Work request >>
The result should be the lines from the one holding "(dO : measure_display)" to the final line of the records, retyped exactly.

Information START

Lemma expected_log_score_gap :
  P.-integrable setT (fun w => log_score leb X lam (Phi w)) ->
  P.-integrable setT (fun w => log_score leb X q (Phi w)) ->
  \int[leb]_(x in X) (kl_gap (ratio x) * (lam x)%:E)
    + \int[leb]_(x in X) (lam x)%:E + \int[leb]_(x in X) (q x)%:E =
  \int[P]_w log_score leb X q (Phi w) + \int[leb]_(x in X) (ratio x * lam x)%:E
    + \int[leb]_(x in X) (lam x)%:E - \int[P]_w log_score leb X lam (Phi w).
Proof.
move=> ilam iq; have [_ _ int_lam] := hlam; have [_ _ int_q] := hq.
have mratio : measurable_fun X (fun x => (ratio x)%:E).
  by apply/measurable_EFinP; exact: measurable_ratio.
have ratio_ge0E x : X x -> 0 <= (ratio x)%:E.
  by move=> Xx; rewrite lee_fin ratio_ge0.
have sum_ratio_ge0 w : 0 <= \sum_(y <- Phi w) (ratio y)%:E.
  by rewrite big_seq; apply: sume_ge0 => y /(hPhi.1 w)/ratio_ge0E.
have int_ratio : P.-integrable setT (fun w => \sum_(y <- Phi w) (ratio y)%:E).
  apply/integrableP; split.
    exact: measurable_sum_points mratio ratio_ge0E.
  under eq_integral do rewrite gee0_abs//.
  rewrite expected_ratio_sum; apply: (le_lt_trans integral_ratio_le).
  by rewrite -(fineK (integrable_fin_num mX int_q)) ltry.
have int_cl : P.-integrable setT (cst (\int[leb]_(x in X) (lam x)%:E)).
  rewrite -(fineK (integrable_fin_num mX int_lam)).
  exact: finite_measure_integrable_cst.
have int_H :=
  integrableD measurableT (integrableD measurableT iq int_ratio) int_cl.
rewrite -expected_kl_sum (integral_ae_diff P measurableT ilam int_H).
- rewrite (integralD measurableT (integrableD measurableT iq int_ratio) int_cl).
  rewrite (integralD measurableT iq int_ratio) expected_ratio_sum.
  by rewrite integral_cst_probability.
- apply: emeasurable_funD => //.
  apply: measurable_sum_points measurable_kl_gap_ratio1 _.
  by move=> x _; rewrite adde_ge0 ?kl_gap_ge0.
- have := ae_points_density_gt0; apply: filterS => w w_gt0 _.
  exact: log_score_decomposition.
Qed.

Lemma density_ae_eq_of_gap_eq0 :
  \int[leb]_(x in X) (kl_gap (ratio x) * (lam x)%:E) = 0 ->
  \int[leb]_(x in X) (ratio x * lam x)%:E = \int[leb]_(x in X) (q x)%:E ->
  ae_eq leb X (EFin \o q) (EFin \o lam).
Proof.
move=> kl0 ratio_q; have [mq q0 int_q] := hq; have [mlam lam0 _] := hlam.
have mrl : measurable_fun X (fun x => ratio x * lam x)%R.
  exact: measurable_funM measurable_ratio mlam.
have int_rl : leb.-integrable X (fun x => (ratio x * lam x)%:E).
  apply: (le_integrable mX _ _ int_q) => [|x Xx].
    by apply/measurable_EFinP.
  rewrite /= lee_fin (ger0_norm (q0 x Xx)) ger0_norm ?ler_divfK ?q0//.
  by rewrite mulr_ge0 ?ratio_ge0 ?lam0.
have kl_ae : ae_eq leb X (fun x => kl_gap (ratio x) * (lam x)%:E) (cst 0).
  apply: ge0_integral_eq0_ae => //.
  - apply: emeasurable_funM measurable_kl_gap_ratio _.
    by apply/measurable_EFinP.
  - by move=> x Xx; apply: mule_ge0; rewrite ?kl_gap_ge0 ?lee_fin ?lam0.
have q_ae : ae_eq leb X (fun x => (q x - ratio x * lam x)%:E) (cst 0).
  apply: ge0_integral_eq0_ae => //.
  - by apply/measurable_EFinP; exact: measurable_funB.
  - by move=> x Xx; rewrite lee_fin subr_ge0 ler_divfK ?q0.
  - rewrite (eq_integral (fun x => (q x)%:E - (ratio x * lam x)%:E))//.
    by rewrite integralB// -ratio_q subee// (integrable_fin_num mX int_rl).
apply: filterS2 kl_ae q_ae => x klx qx Xx /=; congr (_%:E).
apply: eq_of_kl_gap_mul_eq0 (klx Xx) _.
by move: (qx Xx) => -[] /eqP; rewrite subr_eq0 => /eqP.
Qed.

End score_difference.

End point_process.

Theorem proposition4p3 (R : realType) (d : nat)
    (leb : {measure set (d.-tuple R) -> \bar R}) (hleb : is_lebesgue leb)
    (X : set (d.-tuple R)) (mX : measurable X) (bX : bounded_region X)
    (dO : measure_display) (Omega : measurableType dO)
    (P : probability Omega R) (Phi : Omega -> seq (d.-tuple R))
    (hPhi : is_point_process X Phi)
    (lam : d.-tuple R -> R) (hlam : is_density leb X lam)
    (hint : forall B, measurable B ->
                intensity P Phi B = density_measure leb X lam B)
    (q : d.-tuple R -> R) (hq : is_density leb X q)
    (ilam : P.-integrable setT (fun w => log_score leb X lam (Phi w)))
    (iq : P.-integrable setT (fun w => log_score leb X q (Phi w))) :
  ((\int[P]_w log_score leb X lam (Phi w)
      <= \int[P]_w log_score leb X q (Phi w))%E /\
   ((\int[P]_w log_score leb X q (Phi w)
      = \int[P]_w log_score leb X lam (Phi w))%E ->
    forall B, measurable B ->
      density_measure leb X q B = density_measure leb X lam B)).
Proof.
have [mlam lam0 int_lam] := hlam; have [mq q0 int_q] := hq.
have kl_ge0 : (0 <= \int[leb]_(x in X) (kl_gap (q x / lam x) * (lam x)%:E))%E.
  by apply: integral_ge0 => x Xx; rewrite mule_ge0 ?kl_gap_ge0 ?lee_fin ?lam0.
have rl_ge0 : (0 <= \int[leb]_(x in X) (q x / lam x * lam x)%:E)%E.
  by apply: integral_ge0 => x Xx; rewrite lee_fin mulr_ge0 ?divr_ge0 ?q0 ?lam0.
have [scores_le scores_eq] := gap_identity_le
  (integrable_fin_num mX int_lam) (integrable_fin_num mX int_q)
  (integrable_fin_num measurableT ilam) (integrable_fin_num measurableT iq)
  kl_ge0 rl_ge0 (integral_ratio_le mX hlam hq)
  (expected_log_score_gap mX hPhi hlam hint hq ilam iq).
split=> // /scores_eq [kl0 rl_q].
exact: density_measure_ae_eq mX mq mlam
  (density_ae_eq_of_gap_eq0 mX hlam hq kl0 rl_q).
Qed.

Information END

Written response >>
    (dO : measure_display) (Omega : measurableType dO)
    (P : probability Omega R) (Phi : Omega -> seq (d.-tuple R))
    (hPhi : is_point_process X Phi)
    (lam : d.-tuple R -> R) (hlam : is_density leb X lam)
    (hint : forall B, measurable B ->
                intensity P Phi B = density_measure leb X lam B)
    (q : d.-tuple R -> R) (hq : is_density leb X q)
    (ilam : P.-integrable setT (fun w => log_score leb X lam (Phi w)))
    (iq : P.-integrable setT (fun w => log_score leb X q (Phi w))) :
  ((\int[P]_w log_score leb X lam (Phi w)
      <= \int[P]_w log_score leb X q (Phi w))%E /\
   ((\int[P]_w log_score leb X q (Phi w)
      = \int[P]_w log_score leb X lam (Phi w))%E ->
    forall B, measurable B ->
      density_measure leb X q B = density_measure leb X lam B)).
Proof.
have [mlam lam0 int_lam] := hlam; have [mq q0 int_q] := hq.
have kl_ge0 : (0 <= \int[leb]_(x in X) (kl_gap (q x / lam x) * (lam x)%:E))%E.
  by apply: integral_ge0 => x Xx; rewrite mule_ge0 ?kl_gap_ge0 ?lee_fin ?lam0.
have rl_ge0 : (0 <= \int[leb]_(x in X) (q x / lam x * lam x)%:E)%E.
  by apply: integral_ge0 => x Xx; rewrite lee_fin mulr_ge0 ?divr_ge0 ?q0 ?lam0.
have [scores_le scores_eq] := gap_identity_le
  (integrable_fin_num mX int_lam) (integrable_fin_num mX int_q)
  (integrable_fin_num measurableT ilam) (integrable_fin_num measurableT iq)
  kl_ge0 rl_ge0 (integral_ratio_le mX hlam hq)
  (expected_log_score_gap mX hPhi hlam hint hq ilam iq).
split=> // /scores_eq [kl0 rl_q].
exact: density_measure_ae_eq mX mq mlam
  (density_ae_eq_of_gap_eq0 mX hlam hq kl0 rl_q).
Qed.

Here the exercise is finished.